Jetpack Compose Best Practice
🔈 This text is a summary and combination of the links mentioned in the references.
💡Use remember
for changing values:
When developing applications with Compose, there are some essential points to consider. Paying attention to these points can help you build more efficient and performant applications. Here, I will share key insights by summarizing documentation and various articles.
Composable functions offer a declarative approach, meaning any state changes automatically trigger a recomposition. However, if we fail to manage these updates efficiently, the component will be redrawn every time, which can negatively impact the application’s performance.
To better illustrate this, let’s look at the following example:
@Composable
fun ExpensiveCalculationScreen() {
val result = calculateSomethingExpensive()
Text(text = "Result: $result")
}
In the example above, result
is recalculated each time, leading to unnecessary recompositions. However, we can solve this issue by ensuring that the recomposition only happens when the state is updated. This can be achieved using remember
:
@Composable
fun ExpensiveCalculationScreen() {
val result = remember { calculateSomethingExpensive() }
Text(text = "Result: $result")
}
With this change, the calculateSomethingExpensive()
function is only executed once, and its result is stored using remember
. If recalculation is required only under certain conditions, you can specify dependencies for remember
:
@Composable
fun ExpensiveCalculationScreen(someInput: Int) {
val result = remember(someInput) { calculateSomethingExpensive(someInput) }
Text(text = "Result: $result")
}
In this way, recalculation happens only when the someInput
value changes, significantly improving performance.

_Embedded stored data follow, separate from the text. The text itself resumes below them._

Lemma prim_idemE (X : 'M[K]_n.+1) lam d i :
  prim_idem X lam d i = horner_mx X (prim_idem_poly lam d i).
Proof.
rewrite /prim_idem /prim_idem_poly rmorph_prod; apply: eq_bigr => j _.
by rewrite /= horner_mxZ rmorphB /= horner_mx_X horner_mx_C.
Qed.

Section Interpolation.
Variables (lam : nat -> K) (d : nat).
Hypothesis lam_inj : {in [pred j | (j <= d)%N] &, injective lam}.

Lemma prim_idem_poly_eval i k : (i <= d)%N -> (k <= d)%N ->
  (prim_idem_poly lam d i).[lam k] = (i == k)%:R.
Proof.
move=> le_id le_kd; rewrite /prim_idem_poly horner_prod.
have [<-|neq_ik] := eqVneq i k.
  rewrite big1 // => j neq_ji; rewrite hornerZ hornerXsubC mulVf // subr_eq0.
  by apply: contra neq_ji => /eqP/lam_inj-> //; rewrite inE leq_ord.
rewrite (bigD1 (Ordinal (le_kd : (k < d.+1)%N))) 1?eq_sym //=.
by rewrite hornerZ hornerXsubC subrr mulr0 mul0r.
Qed.

Lemma prim_idem_fixed (X : 'M[K]_n.+1) i (v : 'rV[K]_n.+1) : (i <= d)%N ->
  v *m X = lam i *: v -> v *m prim_idem X lam d i = v.
Proof.
by move=> le_id vX; rewrite prim_idemE (horner_mx_eigen _ vX) prim_idem_poly_eval // eqxx scale1r.
Qed.

End Interpolation.

Section Diagonalizable.
Variables (X : 'M[K]_n.+1) (lam : nat -> K) (d : nat).
Hypothesis X_lam : eig_ordering X lam d.
Let lam_inj : {in [pred j | (j <= d)%N] &, injective lam} := proj1 (proj2 X_lam).

Lemma horner_mx_spectrum_eq0 (p : {poly K}) :
  (forall k, (k <= d)%N -> p.[lam k] = 0) -> horner_mx X p = 0.
Proof.
case: X_lam => X_diag [_ [_ X_spec]] p_lam.
have /diagonalizablePeigen[rs _ rsP] := X_diag.
suff : (1%:M <= kermx (horner_mx X p))%MS by rewrite sub_kermx mul1mx => /eqP.
rewrite -rsP; elim/big_rec: _ => [|r W _ W_ker]; first exact: sub0mx.
rewrite addsmx_sub W_ker andbT.
have [r_eig|] := boolP (eigenvalue X r); last by rewrite negbK => /eqP->; exact: sub0mx.
have [k le_kd ->] := X_spec r r_eig.
have Ek : eigenspace X (lam k) *m X = lam k *: eigenspace X (lam k) by apply/eigenspaceP.
by rewrite sub_kermx (horner_mx_eigen p Ek) p_lam // scale0r.
Qed.

Lemma sum_prim_idem : \sum_(i < d.+1) prim_idem X lam d i = 1.
Proof.
under eq_bigr do rewrite prim_idemE.
apply/eqP; rewrite -rmorph_sum -subr_eq0 -(rmorph1 (horner_mx X)) -rmorphB /=.
apply/eqP/horner_mx_spectrum_eq0 => k le_kd.
rewrite hornerD hornerN hornerC horner_sum (bigD1 (Ordinal (le_kd : (k < d.+1)%N))) //=.
rewrite prim_idem_poly_eval // eqxx big1 ?addr0 ?subrr // => j neq_jk.
have le_jd := leq_ord j.
have /negbTE neq_jk' : (j != k :> nat) by apply: contra neq_jk => /eqP eq_jk; apply/eqP/val_inj.
by rewrite prim_idem_poly_eval // neq_jk'.
Qed.

Lemma prim_idem_eigen j : (j <= d)%N ->
  prim_idem X lam d j *m X = lam j *: prim_idem X lam d j.
Proof.
move=> le_jd; have : horner_mx X (prim_idem_poly lam d j * ('X - (lam j)%:P)) = 0.
  apply: horner_mx_spectrum_eq0 => k le_kd; rewrite hornerM hornerXsubC prim_idem_poly_eval //.
  by have [->|] := eqVneq j k; rewrite ?subrr ?mulr0 ?mul0r.
rewrite rmorphM rmorphB /= horner_mx_X horner_mx_C -prim_idemE.
by rewrite mulrBr -!mulmxE mul_mx_scalar => /eqP; rewrite subr_eq0 => /eqP.
Qed.

Lemma prim_idem_shift j c : (j <= d)%N ->
  prim_idem X lam d j *m (X - c%:M) = (lam j - c) *: prim_idem X lam d j.
Proof. by move=> le_jd; rewrite mulmxBr prim_idem_eigen // mul_mx_scalar scalerBl. Qed.

End Diagonalizable.
Lemma card_codom_ffun (T : finType) n (P : pred (seq T)) :
  #|[pred f : {ffun 'I_n -> T} | P (codom f)]| = count_words n P.
Proof.
elim: n P => [|n IH] P.
  rewrite -sum1_card big_mkcond /= (eq_bigr (fun=> nat_of_bool (P [::]))).
    by rewrite sum_nat_const card_ffun card_ord expn0 mul1n.
  by move=> f _; rewrite inE codomE enum_ord0.
pose cons_ffun (p : T * {ffun 'I_n -> T}) : {ffun 'I_n.+1 -> T} :=
  [ffun i => if unlift ord0 i is Some j then p.2 j else p.1].
have cons_ffun_bij : bijective cons_ffun.
  exists (fun f : {ffun 'I_n.+1 -> T} => (f ord0, [ffun j => f (lift ord0 j)])).
    case=> c q; rewrite /= ffunE unlift_none; congr pair.
    by apply/ffunP => j; rewrite !ffunE liftK.
  move=> f; apply/ffunP => i; rewrite !ffunE /=.
  by case: unliftP => [j ->|->]; rewrite ?ffunE.
rewrite -sum1_card big_mkcond (reindex cons_ffun (onW_bij _ cons_ffun_bij)) /=.
rewrite -(pair_bigA _ (fun c q =>
  if cons_ffun (c, q) \in [pred f : {ffun 'I_n.+1 -> T} | P (codom f)] then 1 else 0)) /=.
apply: congr_big => // c _; rewrite -IH -sum1_card [RHS]big_mkcond /=.
apply: eq_bigr => q _; rewrite !inE !codomE enum_ordSl /= ffunE unlift_none -map_comp.
by congr (if P (c :: _) then _ else _); apply: eq_map => j /=; rewrite ffunE liftK.
Qed.

Lemma pairwise_map_enum_ord (T : Type) (R : rel T) n (f : 'I_n -> T) :
  irreflexive R ->
  pairwise (fun c d => ~~ R d c) [seq f i | i <- enum 'I_n] =
  [forall x, forall y, R (f x) (f y) ==> (x < y)].
Proof.
move=> irrR; elim: n f => [|n IH] f.
  by rewrite enum_ord0; apply/esym/forallP => -[].
rewrite enum_ordSl map_cons pairwise_cons -map_comp IH all_map.
apply/andP/forallP => [[/allP first_min /forallP rest] x | ord_f]; last first.
  split.
    apply/allP => x _ /=; apply/negP => Rx.
    by have := implyP (forallP (ord_f (lift ord0 x)) ord0) Rx.
  apply/forallP => x; apply/forallP => y; apply/implyP => Rxy.
  by have := implyP (forallP (ord_f (lift ord0 x)) (lift ord0 y)) Rxy; rewrite !lift0.
apply/forallP => y; apply/implyP => Rxy.
case: (unliftP ord0 x) Rxy => [x' ->|->]; case: (unliftP ord0 y) => [y' ->|->] Rxy.
- by rewrite !lift0 ltnS; apply: (implyP (forallP (rest x') y')).
- by rewrite (negbTE (first_min x' (mem_enum _ x'))) in Rxy.
- by rewrite lift0.
- by rewrite irrR in Rxy.
Qed.

(** * Tableaux as words *)

Section Words.

Variables (lam : seq nat) (rho : nat -> nat -> nat).

Definition cell_in (c : cell_t lam) : bool := in_shape lam (val c.1) (val c.2).

Definition cell_density (c : cell_t lam) : nat := rho (val c.1) (val c.2).

Definition next_cell (c d : cell_t lam) : bool :=
  ((val d.1 == val c.1) && (val d.2 == (val c.2).+1)) ||
  ((val d.1 == (val c.1).+1) && (val d.2 == val c.2)).

Lemma next_cell_irr : irreflexive next_cell.
Proof. by move=> c; rewrite /next_cell !eqxx andbT !(ltn_eqF (ltnSn _)). Qed.

Definition svt_word (s : seq (cell_t lam)) : bool :=
  [&& all cell_in s,
      [forall c, cell_in c ==> (count_mem c s == cell_density c)] &
      pairwise (fun c d => ~~ next_cell d c) s].

Lemma is_svt_word f : @is_svt lam rho f = svt_word (codom f).
Proof.
rewrite /is_svt /svt_word codomE (pairwise_map_enum_ord _ next_cell_irr) all_map.
congr [&& _, _ & _].
- apply/forallP/allP => [in_f x _ | in_f x]; [exact: in_f | exact: in_f x (mem_enum _ x)].
- by apply: eq_forallb => c; rewrite count_map -sum1_count big_enum_cond -sum1_card.
apply/andP/forallP => [[/forallP right /forallP down] x | ordered].
  apply/forallP => y; apply/implyP => /orP[] xy.
    exact: implyP (forallP (right x) y) xy.
  exact: implyP (forallP (down x) y) xy.
by split; apply/forallP => x; apply/forallP => y; apply/implyP => xy;
  apply: (implyP (forallP (ordered x) y)); rewrite /next_cell xy ?orbT.
Qed.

The best approach is to perform expensive calculations outside of the composable function whenever possible. For example, perform the calculations in a ViewModel and pass the result to the composable function as a parameter.
💡 Use key
for LazyLayout
:
When displaying a list, you often use LazyColumn
or LazyRow
. However, recomposition is triggered whenever data changes, which may result in unnecessary performance costs in some cases, such as:
- When an item is removed from the list,
- When a new item is added to the list,
- When the order of items in the list changes.
When adding or removing an item from the list, we expect the list to update and reflect the change. However, this doesn't mean the entire list needs to be redrawn. Only the modified item should be redrawn.

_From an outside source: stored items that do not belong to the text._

Lemma dquot_ge m a b : (forall t, inI A B t -> m <= g' t) -> inI A B a -> inI A B b ->
  m <= dquot g g' a b.
Proof.
  intros Hm.
  assert (Hle : forall a b, inI A B a -> inI A B b -> a < b -> m <= dquot g g' a b).
  { clear a b; intros a b Ha Hb Hab; unfold inI in *.
    destruct (deriv_on_MVT (fun _ => 0) (fun _ => 0) a b (fun t => derivable_pt_lim_const 0 t)
      ltac:(lra) ltac:(lra) ltac:(lra)) as [c [Hc Heq]].
    unfold dquot; destruct (Req_EM_T a b); [lra|].
    replace ((g a - g b) / (a - b)) with (g' c) by (field_simplify_eq; lra).
    apply Hm; unfold inI; lra. }
  intros Ha Hb; destruct (Rtotal_order a b) as [Hab|[<-|Hab]].
  - apply Hle; auto.
  - unfold dquot; destruct (Req_EM_T a a); [apply Hm, Ha | congruence].
  - rewrite dquot_sym; apply Hle; auto.
Qed.

End DerivOn.

Ltac poly_derivative := intros ?; apply is_derive_Reals; auto_derive; auto; simpl; field.

(* The second divided difference f[a,b,c]; it is junk (0) when a = c. *)
Definition dquot2 (f f1 : R -> R) (a b c : R) : R :=
  (dquot f f1 a b - dquot f f1 b c) / (a - c).

Lemma dquot2_rev f f1 a b c : a <> c -> dquot2 f f1 a b c = dquot2 f f1 c b a.
Proof.
  intros Hac; unfold dquot2; rewrite (dquot_sym f f1 a b), (dquot_sym f f1 b c); field; lra.
Qed.
Lemma split_closed_at v h : closed_at Q v h -> 1 < visits v h ->
  exists a b, [/\ h = a ++ b, closed_at Q v a, closed_at Q v b & visits v a = 1].
Proof.
move=> h_closed gt1; have has_v : has (fun a => hd Q a == v) h.
  by rewrite has_count; apply: ltn_trans gt1.
move: h_closed gt1; case: (split_find has_v) => x s1 s2 hd_x s1_v h_closed gt1.
have visits_x : visits v (rcons s1 x) = 1.
  rewrite -cats1 visits_cat /= hd_x /(visits) /=.
  by move: s1_v; rewrite has_count lt0n negbK => /eqP->.
have s2_0 : s2 != [::] by case: s2 h_closed gt1 => //; rewrite cats0 visits_x.
move: h_closed; rewrite closed_atE is_path_cat ?rcons_neq_nil //.
rewrite ptail_cat ?rcons_neq_nil // pend_cat // pend_rcons (eqP hd_x).
case/and3P=> /and3P[s1x_path s2_path /eqP ptail_s2] ptail_s1x pend_s2.
exists (rcons s1 x), s2; split=> //; rewrite closed_atE.
- by rewrite s1x_path ptail_s1x pend_rcons (eqP hd_x) eqxx.
- by rewrite s2_path -ptail_s2 pend_s2 eqxx.
Qed.

Lemma split3_closed_at v h : closed_at Q v h -> 2 < visits v h ->
  exists a1 a2 a3, [/\ h = a1 ++ a2 ++ a3, [/\ closed_at Q v a1, closed_at Q v a2
     & closed_at Q v a3] & visits v a1 = 1 /\ visits v a2 = 1].
Proof.
move=> h_closed gt2.
have [a1 [r [h_eq a1_closed r_closed visits_a1]]] := split_closed_at h_closed (ltnW gt2).
rewrite h_eq visits_cat visits_a1 in gt2 *.
have [a2 [a3 [-> a2_closed a3_closed visits_a2]]] := split_closed_at r_closed gt2.
by exists a1, a2, a3.
Qed.

Lemma rotate_closed_at v h : closedp Q h -> 0 < visits v h ->
  exists h', [/\ closed_at Q v h', forall u, visits u h' = visits u h
     & qeq (Sgn false h) (Sgn false h')].
Proof.
move=> h_closed gt0; have has_v : has (fun a => hd Q a == v) h by rewrite has_count.
move: h_closed; case: (split_find has_v) => x s1 s2 hd_x _ h_closed.
have [s2_nil | s2_0] := eqVneq s2 [::].
  subst s2; exists (rcons s1 x); rewrite cats0 in h_closed *; split=> //.
    move: (h_closed); rewrite /closed_at closedpE pend_rcons => /andP[-> /eqP <-].
    by rewrite (eqP hd_x) !eqxx.
  exact: rst_refl.
move: (h_closed); rewrite closedpE is_path_cat ?rcons_neq_nil //.
rewrite pend_cat // ptail_cat ?rcons_neq_nil //.
case/andP=> /and3P[s1x_path s2_path /eqP s1x_s2] s2_s1x.
exists (s2 ++ rcons s1 x); split; last exact: qeq_rot.
- rewrite closed_atE is_path_cat ?rcons_neq_nil // s1x_path s2_path.
  rewrite ptail_cat // pend_cat ?rcons_neq_nil // -s1x_s2 pend_rcons (eqP hd_x).
  by rewrite s2_s1x !eqxx.
- by move=> u; rewrite !visits_cat addnC.
Qed.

To achieve this, you should assign a key
value to LazyLayout
. This key value should be unique for each item (e.g., an ID). This way, only the relevant items are redrawn, improving performance.
@Composable
fun NotesList(notes: List<Note>) {
LazyColumn {
items(
items = notes,
key = { note ->
// Return a unique and constant key for the note
note.id
}
) { note ->
NoteRow(note)
}
}
}
However, there's a potential issue: if a change is made within an item (e.g., editing text), the id
value remains unchanged, so the item won't update. To solve this, you can adopt the following approach: when the item's content changes, such as editing text, you can also update the item's ID in some way. For instance, you can modify a dynamic value like a timestamp during each update. This ensures that the item receives a new key
value and only the changed item is redrawn. This approach ensures that updated items are rendered correctly.
💡 Avoid backward writes:
A "backward write" occurs when a state is read and then updated within the same composition. This can cause the component to recompose repeatedly, leading to an infinite loop.
Example:
@Composable
fun BadComposable() {
var count by remember { mutableStateOf(0) }
// Triggers recomposition on click
Button(onClick = { count++ }, Modifier.wrapContentSize()) {
Text("Recompose")
}
Text("$count")
count++ // Backward write: Writing to state after reading
}
To avoid this issue, you should never update states during composition. Instead, update states only in response to events (e.g., a button click) and within a lambda function, as shown below:
Button(onClick = { count++ }, Modifier.wrapContentSize()) {
Text("Recompose")
}
💡 Use derivedStateOf
to limit recompositions:
derivedStateOf()
in Jetpack Compose is a mechanism that allows a state to be derived from other states. Simply put, it defines a new state based on one or more existing states. This ensures that recomposition only occurs when there is an actual change in the derived state.
derivedStateOf()
is used with a remember
block and observes changes only in its dependencies.
@Composable
fun DerivedStateExample() {
var number by remember { mutableStateOf(0) }
// Derived state
val isEven by remember {
derivedStateOf { number % 2 == 0 }
}
Column {
Button(onClick = { number++ }) {
Text("Increment")
}
Text("Is even: $isEven")
}
}
In the above code, recomposition happens every time the number
variable is incremented. This is because the isEven
state is recalculated each time the number
changes.
However, if you were incrementing number
by 2 instead, no recomposition would occur for the isEven
value as it wouldn't change. I mention this to clarify any confusion when running the code and noticing "Why is there no recomposition?"
💡 Delay state reads as much as possible:
By deferring state reads until they are truly needed, you can prevent Compose from unnecessarily recreating all composables. Using lambda-based modifiers ensures that state reads occur only when required, improving performance.
Before optimization:
@Composable
fun SnackDetail() {
// ...
Box(Modifier.fillMaxSize()) { // Recomposition Scope Start
val scroll = rememberScrollState(0)
// ...
Title(snack, scroll.value)
// ...
} // Recomposition Scope End
}
@Composable
private fun Title(snack: Snack, scroll: Int) {
// ...
val offset = with(LocalDensity.current) { scroll.toDp() }
Column(
modifier = Modifier
.offset(y = offset)
) {
// ...
}
}
After optimization:
@Composable
fun SnackDetail() {
// ...
Box(Modifier.fillMaxSize()) { // Recomposition Scope Start
val scroll = rememberScrollState(0)
// ...
Title(snack) { scroll.value }
// ...
} // Recomposition Scope End
}
@Composable
private fun Title(snack: Snack, scrollProvider: () -> Int) {
// ...
val offset = with(LocalDensity.current) { scrollProvider().toDp() }
Column(
modifier = Modifier
.offset(y = offset)
) {
// ...
}
}
Initially, the scroll
state was being read directly in the SnackDetail
composable, causing the entire composable to recompose. By optimizing it to pass the scroll
state to the Title
composable via a lambda, the state is read only when Title
is recomposed. This prevents the entire SnackDetail
composable from being recomposed.